● Action item
Take from the material every line containing the string "ltnW" and copy it.

● Dataset excerpts

(* Let $n\geq 3$ and $m\in\{1,\ldots,n\}$ be integers. Then the community code $C_{n,m}\subseteq\mathbb{F}_2^{N}$, $N=\binom{n}{2}$, is not a linear code (i.e., it is not an $\mathbb{F}_2$-linear subspace of $\mathbb{F}_2^N$).
   Context: For integers $n\geq 2$, $N=\binom{n}{2}$ and $1\leq m\leq n$, the community code $C_{n,m}\subseteq\mathbb{F}_2^N$ consists of exactly those binary vectors of length $N$ that are the upper-triangular (off-diagonal) part of the adjacency matrix of a simple undirected graph on the labeled vertex set $\{1,\ldots,n\}$ which is a disjoint union of cliques, each clique having at least $m$ vertices. (Equivalently, codewords correspond to partitions of $\{1,\ldots,n\}$ into parts of size at least $m$, where two vertices are adjacent iff they lie in the same part.) *)

From HB Require Import structures.
From mathcomp Require Import all_boot all_order all_algebra.
Set Implicit Arguments. Unset Strict Implicit. Unset Printing Implicit Defensive.
Import GRing.Theory.
Local Open Scope ring_scope.

(* Coordinates of F_2^N, N = 'C(n,2): unordered pairs {i,j} of vertices of
   {0..n-1}, represented as ordered pairs (i,j) with i < j. *)
Definition vpair (n : nat) := {p : 'I_n * 'I_n | (p.1 < p.2)%N}.

Notation F2vec n := {ffun vpair n -> ('F_2)^o}.

(* The codeword (upper-triangular part of the adjacency matrix) of the
   disjoint union of cliques given by a partition P of the vertex set. *)
Definition part_word (n : nat) (P : {set {set 'I_n}}) : F2vec n :=
  [ffun p : vpair n =>
     ([exists B in P, ((val p).1 \in B) && ((val p).2 \in B)] : bool)%:R].

Definition community_code (n m : nat) : F2vec n -> Prop :=
  fun x => exists P : {set {set 'I_n}},
    [/\ partition P [set: 'I_n], (forall B, B \in P -> (m <= #|B|)%N)
      & x = part_word P].

Definition is_linear_code (R : pzRingType) (V : lmodType R) (C : V -> Prop) : Prop :=
  C 0 /\ forall (a : R) (x y : V), C x -> C y -> C (a *: x + y).

(* A linear code contains the zero word, which is the word of the partition
   into singletons; so the code is not linear when m > 1.  When m <= 1 every
   partition is admissible, and a codeword, read as a relation on vertices,
   is transitive.  The sum of the words of the one-block partition and of the
   partition {0,1} | {2,...,n-1} contains the edges 02 and 12 but not 01, so
   it is not a codeword. *)

From mathcomp Require Import all_boot all_order all_algebra.
Set Implicit Arguments. Unset Strict Implicit. Unset Printing Implicit Defensive.
Import GRing.Theory.
Local Open Scope ring_scope.

Lemma natr_bool_F2_inj : injective (fun b : bool => b%:R : 'F_2).
Proof. by do 2!case. Qed.

Lemma linear_code_add (R : pzRingType) (V : lmodType R) (C : V -> Prop) x y :
  is_linear_code C -> C x -> C y -> C (x + y).
Proof. by move=> [_ C_lin] Cx Cy; rewrite -[x]scale1r; apply: C_lin. Qed.

Section PartitionWords.

Variable n : nat.
Implicit Types (P : {set {set 'I_n}}) (i j k : 'I_n).

Lemma part_word_pblock P i j (lt_ij : (i < j)%N) :
  partition P [set: 'I_n] ->
  part_word P (exist _ (i, j) lt_ij) = (j \in pblock P i)%:R.
Proof.
case/and3P=> /eqP coverP tiP _; rewrite ffunE /=; congr (nat_of_bool _)%:R.
have Pi : i \in cover P by rewrite coverP inE.
apply/existsP/idP => [[B /and3P[PB iB jB]] | j_Pi].
  by rewrite (def_pblock tiP PB iB).
by exists (pblock P i); rewrite pblock_mem // mem_pblock Pi j_Pi.
Qed.

Lemma part_word_preim (T : eqType) (f : 'I_n -> T) i j (lt_ij : (i < j)%N) :
  part_word (preim_partition f [set: 'I_n]) (exist _ (i, j) lt_ij) =
  (f i == f j)%:R.
Proof.
rewrite part_word_pblock ?preim_partitionP //.
by rewrite pblock_equivalence_partition ?inE //; split=> // /eqP->.
Qed.

Lemma community_code_leq1 m P :
  (m <= 1)%N -> partition P [set: 'I_n] -> community_code m (part_word P).
Proof.
move=> m_le1 partP; exists P; split=> // B PB; apply: leq_trans m_le1 _.
by rewrite card_gt0; apply: contraTneq PB => ->; rewrite (partition0 partP).
Qed.

Lemma community_code_trans m x i j k
    (lt_ij : (i < j)%N) (lt_ik : (i < k)%N) (lt_jk : (j < k)%N) :
  community_code m x ->
  x (exist _ (i, k) lt_ik) = 1 -> x (exist _ (j, k) lt_jk) = 1 ->
  x (exist _ (i, j) lt_ij) = 1.
Proof.
case=> P [partP _ ->]; rewrite !part_word_pblock //.
move=> /(@natr_bool_F2_inj _ true) k_Pi /(@natr_bool_F2_inj _ true) k_Pj.
have [/eqP coverP tiP _] := and3P partP.
have eq_Pij : pblock P i = pblock P j.
  by rewrite -(same_pblock tiP k_Pi) (same_pblock tiP k_Pj).
by rewrite eq_Pij mem_pblock coverP inE.
Qed.

Lemma zero_notin_community_code m :
  (0 < n)%N -> (1 < m)%N -> ~ @community_code n m 0.
Proof.
move=> n_gt0 m_gt1 [P [partP P_big word0]].
have [/eqP coverP tiP _] := and3P partP.
pose i0 := Ordinal n_gt0.
have Pi0 : i0 \in cover P by rewrite coverP inE.
have : (1 < #|pblock P i0|)%N by apply: leq_trans m_gt1 (P_big _ (pblock_mem Pi0)).
rewrite (cardsD1 i0) mem_pblock Pi0 ltnS card_gt0.
case/set0Pn=> j /setD1P[j_neq0 j_Pi0].
have lt_0j : (i0 < j)%N by rewrite ltn_neqAle leq0n andbT eq_sym.
have := congr1 (fun x : F2vec n => x (exist _ (i0, j) lt_0j)) word0.
by rewrite /= ffunE part_word_pblock // j_Pi0.
Qed.

End PartitionWords.

Theorem lemma2 (n m : nat) :
  (3 <= n)%N -> (1 <= m <= n)%N ->
  ~ is_linear_code (@community_code n m).
Proof.
move=> n_ge3 _ linC.
have [m_le1 | m_gt1] := leqP m 1; last first.
  by apply: zero_notin_community_code (ltnW (ltnW n_ge3)) m_gt1 _; case: linC.
pose i0 := Ordinal (ltnW (ltnW n_ge3)).
pose i1 := Ordinal (ltnW n_ge3).
pose i2 := Ordinal n_ge3.
pose w1 := part_word (preim_partition (fun _ : 'I_n => tt) [set: 'I_n]).
pose w2 := part_word (preim_partition (fun i : 'I_n => (i <= 1)%N) [set: 'I_n]).
have Cw : community_code m (w1 + w2).
  apply: linear_code_add linC _ _;
  exact: community_code_leq1 (preim_partitionP _ _).
have wE p : (w1 + w2) p = w1 p + w2 p by rewrite ffunE.
have := @community_code_trans _ _ _ i0 i1 i2 isT isT isT Cw.
by rewrite !wE !part_word_preim /= !addr0 => /(_ erefl erefl)/eqP.
Qed.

● Result of the task
  by apply: zero_notin_community_code (ltnW (ltnW n_ge3)) m_gt1 _; case: linC.
pose i0 := Ordinal (ltnW (ltnW n_ge3)).
pose i1 := Ordinal (ltnW n_ge3).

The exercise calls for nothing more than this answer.